1. Field of the Invention
This invention relates to a method of adjusting a head gap for a wire dot impact printer and, more particularly, to a method of adjusting a head gap capable of automatically obtaining an optimum value of the gap corresponding to the characteristics of a wire dot head.
2. Description of Related Art
In a conventional wire dot impact printer, a wire dot head is disposed so as to oppose a platen through an ink ribbon and printing media, and prints onto the printing media by impacting the ink ribbon with printing wires. Such a wire dot impact printer of this kind can use printing media of various types and can adjust the distance between the tip of the wire dot head and the printing media, or a head gap, to an optimum value when the thickness of the printing media or a number of sheets, in the case of copy paper, is changed due to changes of the printing media or the like.
FIG. 35 is a flow chart showing a conventional method of adjusting a head gap for a wire dot impact printer; FIG. 36 is a diagram showing a printing sample of the conventional method of adjusting the head gap for the wire dot impact printer. In FIG. 36, (a) is a diagram showing printing data in a first line of printing; (b) is a diagram showing a printing pattern of test printing; (c) is a diagram showing a printing pattern of re-printing.

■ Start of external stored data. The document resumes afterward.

(* Let $\Omega\subseteq\mathbb{R}^n$ be bounded and measurable, $Y$ a Hilbert space, $S:L^2(\Omega)\to Y$ linear and continuous, $z\in Y$, $u_a,u_b\in L^\infty(\Omega)$, $u_a\le u_b$, $U_{\mathrm{ad}}=\{u\in L^2(\Omega):u_a\le u\le u_b\text{ a.e.}\}$. Let $u^\dagger$ be a solution of $\min_{u\in U_{\mathrm{ad}}}\frac12\|Su-z\|_Y^2$ such that there exists $w\in Y$ with $u^\dagger=P_{U_{\mathrm{ad}}}(S^\ast w)$. Let $(\varepsilon_k)_k$ be positive reals with $\sum_{i=1}^\infty R_i<\infty$, where $R_i:=\frac{\varepsilon_i}{\alpha_i}+\frac{\varepsilon_i^2}{\alpha_i^2}+\frac{\gamma_{i-1}\varepsilon_i}{\alpha_i}+\frac{\varepsilon_i^2}{\alpha_i}$. Assume $S_h=S$ and let $(u_k^{\mathrm{in}})_k$ be generated by the inexact Bregman algorithm in the context. Then $u_k^{\mathrm{in}}\to u^\dagger$ in $L^2(\Omega)$.
   Context: $\|\cdot\|,(\cdot,\cdot)$: $L^2(\Omega)$ norm and inner product; $P_{U_{\mathrm{ad}}}$: $L^2$-projection onto $U_{\mathrm{ad}}$. $(\alpha_k)_k$ is a bounded sequence of positive reals, $\gamma_k:=\sum_{j=1}^k\alpha_j^{-1}$, $\gamma_0=0$. Define $\mathcal B(\alpha,\lambda,u):=(1+\frac1\alpha)\|u-P_{U_{\mathrm{ad}}}(\frac1\alpha S_h^\ast(z-S_hu)+\lambda)\|$ (here with $S_h=S$). Inexact Bregman algorithm: $u_0^{\mathrm{in}}=P_{U_{\mathrm{ad}}}(0)$, $\lambda_0^{\mathrm{in}}=0$; for $k=1,2,\dots$ find $u_k^{\mathrm{in}}\in U_{\mathrm{ad}}$ with $\mathcal B(\alpha_k,\lambda_{k-1}^{\mathrm{in}},u_k^{\mathrm{in}})\le\varepsilon_k$, then set $\lambda_k^{\mathrm{in}}=\sum_{i=1}^k\frac1{\alpha_i}S_h^\ast(z-S_hu_i^{\mathrm{in}})$. *)

From HB Require Import structures.
From mathcomp Require Import all_boot all_order all_algebra.
From mathcomp Require Import all_classical all_reals all_analysis.
Set Implicit Arguments. Unset Strict Implicit. Unset Printing Implicit Defensive.
Import Order.TTheory GRing.Theory Num.Theory.
Import numFieldNormedType.Exports.
Local Open Scope classical_set_scope.
Local Open Scope ring_scope.

Section L2defs.
Context {d : measure_display} {T : measurableType d} {R : realType}.
Variable mu : {measure set T -> \bar R}.

Definition inL2 (f : T -> R) : Prop :=
  measurable_fun setT f /\ ('N[mu]_(2%:E)[EFin \o f] < +oo)%E.

Definition L2norm (f : T -> R) : R := fine ('N[mu]_(2%:E)[EFin \o f]).

Definition L2inner (f g : T -> R) : R := fine (\int[mu]_x (f x * g x)%:E).

Definition inLinfty (f : T -> R) : Prop :=
  measurable_fun setT f /\ exists M : R, {ae mu, forall x, `|f x| <= M}.

Definition Uad (ua ub : T -> R) : set (T -> R) :=
  [set u | inL2 u /\ {ae mu, forall x, ua x <= u x <= ub x}].

Definition is_L2proj (U : set (T -> R)) (v p : T -> R) : Prop :=
  U p /\ forall q, U q -> L2norm (fun x => v x - p x) <= L2norm (fun x => v x - q x).

End L2defs.

(* A real Hilbert space: a complete normed space whose norm comes from an
   inner product. *)
Definition is_inner_product {R : realType} {Y : normedModType R}
  (ip : Y -> Y -> R) : Prop :=
  (forall x y, ip x y = ip y x) /\
  (forall a x y z, ip (a *: x + y) z = a * ip x z + ip y z) /\
  (forall x, ip x x = `|x| ^+ 2).

Definition L2_bounded_linear {d} {T : measurableType d} {R : realType}
  (mu : {measure set T -> \bar R}) {Y : normedModType R} (S : (T -> R) -> Y) : Prop :=
  (forall a f g, inL2 mu f -> inL2 mu g ->
     S (fun x => a * f x + g x) = a *: S f + S g) /\
  (exists C : R, forall f, inL2 mu f -> `|S f| <= C * L2norm mu f).

Definition is_adjoint {d} {T : measurableType d} {R : realType}
  (mu : {measure set T -> \bar R}) {Y : normedModType R} (ip : Y -> Y -> R)
  (S : (T -> R) -> Y) (Sadj : Y -> (T -> R)) : Prop :=
  forall w, inL2 mu (Sadj w) /\
    forall u, inL2 mu u -> L2inner mu (Sadj w) u = ip w (S u).

Definition gammaseq {R : realType} (alpha : nat -> R) (k : nat) : R :=
  \sum_(1 <= j < k.+1) (alpha j)^-1.

Definition Rterm {R : realType} (alpha eps : nat -> R) (i : nat) : R :=
  eps i / alpha i + (eps i) ^+ 2 / (alpha i) ^+ 2
  + gammaseq alpha i.-1 * eps i / alpha i + (eps i) ^+ 2 / alpha i.

Definition lambdaseq {d} {T : measurableType d} {R : realType} {Y : normedModType R}
  (S : (T -> R) -> Y) (Sadj : Y -> (T -> R)) (z : Y) (alpha : nat -> R)
  (u : nat -> (T -> R)) (k : nat) : T -> R :=
  fun x => \sum_(1 <= i < k.+1) (alpha i)^-1 * Sadj (z - S (u i)) x.

Definition B_le {d} {T : measurableType d} {R : realType}
  (mu : {measure set T -> \bar R}) {Y : normedModType R}
  (U : set (T -> R)) (S : (T -> R) -> Y) (Sadj : Y -> (T -> R)) (z : Y)
  (alpha : R) (lam u : T -> R) (eps : R) : Prop :=
  exists p, is_L2proj mu U (fun x => alpha^-1 * Sadj (z - S u) x + lam x) p /\
    (1 + alpha^-1) * L2norm mu (fun x => u x - p x) <= eps.

From HB Require Import structures.
From mathcomp Require Import all_boot all_order all_algebra.
From mathcomp Require Import all_classical all_reals all_analysis.
From mathcomp Require Import ring lra.
Import Order.TTheory GRing.Theory Num.Theory.
Import numFieldNormedType.Exports.
Local Open Scope classical_set_scope.
Local Open Scope ring_scope.

(* Let P_k be the projection of lambda_k onto U_ad, so that ||u_k - P_k|| <= eps_k,
   and let eta_k := sum_(i <= k) alpha_i^-1 S (u^dagger - u_i) - w.  The projection
   inequalities for P_k and for u^dagger = P(S^* w), together with first-order
   optimality of u^dagger, give ||P_k - u^dagger||^2 <= (eta_k, S (P_k - u^dagger)).
   Since eta_(k-1) = eta_k - alpha_k^-1 S (u^dagger - u_k), expanding ||eta_(k-1)||^2
   yields the energy estimate
     ||eta_k||^2 + 2 alpha_k^-1 ||P_k - u^dagger||^2
       <= ||eta_(k-1)||^2 + 2 ||S|| alpha_k^-1 eps_k ||eta_k||.
   Summability of alpha_k^-1 eps_k keeps eta bounded, so that, alpha being bounded,
   sum_k ||P_k - u^dagger||^2 < oo.  Finally
   ||u_k - u^dagger||^2 <= 2 eps_k^2 + 2 ||P_k - u^dagger||^2 and
   eps_k^2 <= (sup alpha) R_k -> 0. *)

Section RealSequences.
Variable R : realType.

Lemma le0_of_forall_le_mul (x c : R) :
  0 <= c -> (forall t, 0 < t -> t <= 1 -> x <= t * c) -> x <= 0.
Proof.
move=> c0 H; rewrite leNgt; apply/negP => x0.
have xc : 0 < x + c by rewrite ltr_wpDr.
have := H (x / (x + c)).
rewrite divr_gt0 // ler_pdivrMr // mul1r lerDl c0 => /(_ isT isT).
rewrite mulrAC ler_pdivlMr // => h.
have : x * x <= 0 by rewrite -(lerD2r (x * c)) add0r -mulrDr.
by rewrite leNgt mulr_gt0.
Qed.

Lemma series_shiftS (u : nat -> R) :
  series (fun i => u i.+1) = [sequence \sum_(1 <= i < N.+1) u i]_N.
Proof. by apply/funext => n; rewrite /series /= big_add1. Qed.

Lemma partial_sums_cvg_cvg0 (u : nat -> R) :
  cvg ([sequence \sum_(1 <= i < N.+1) u i]_N @ \oo) -> u @ \oo --> 0.
Proof.
by move=> su; rewrite -cvg_shiftS; apply: cvg_series_cvg_0; rewrite series_shiftS.
Qed.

Referring to FIG. 35, the power of the wire dot impact printer is turned on at step S1. At step S2, a judgment is made as to whether or not there are printing media, and if there are, the program goes to step S3, or if there are not, the program waits for the media. Then, printing data from a host computer (not shown) is received at step S3. The position of the wire head is set so that the head gap g becomes a reference head gap gA (for instance 0.5 mm) for test printing at step S4. Herein, the reference head gap gA is defined as a head gap g under a condition that an ink ribbon (not shown) and printing media P, whose thickness is previously known, are set, and a standard printing time T.sub.S is previously written in a table in a ROM. According to the printing data received, at step S5 a test printing, e.g., the printing of several dots to several tens of dots of a first printing line, is performed as shown in FIG. 36(b), and during the test printing, printing time T is detected. At step S6, the difference between the detected printing time T and the standard printing time Ts stored in the ROM is calculated. A difference Dg between the standard head gap gA and an actual head gap g is then calculated using the relationship where a difference of 3 .mu.sec in the printing time T corresponds to a head gap g of 0.01 mm. The program step calculates based on the thickness of the printing media P at the time when the standard printing time Ts is determined, and the difference .DELTA.g, thereby finding the thickness of the printing media currently set. At step S7, the program step calculates a shifting amount of the wire dot head to shift the head gap g to an optimum value gR corresponding to the thickness of the printing media P, and automatically adjusts the head gap with driving means for changing gap. Then, an actual printing is performed for the line on which the test printing is done, as shown in FIG. 36(c), at step S8. Hereafter, an ordinary printing is done at step S9.
In the conventional method of adjusting the head gap for the wire dot impact printer as described above, however, it is difficult to adjust the head gap g accurately since there are deviations, by each wire dot head, in the standard printing time Ts in the ROM used for calculating the head gap g, and in the detected printing time T.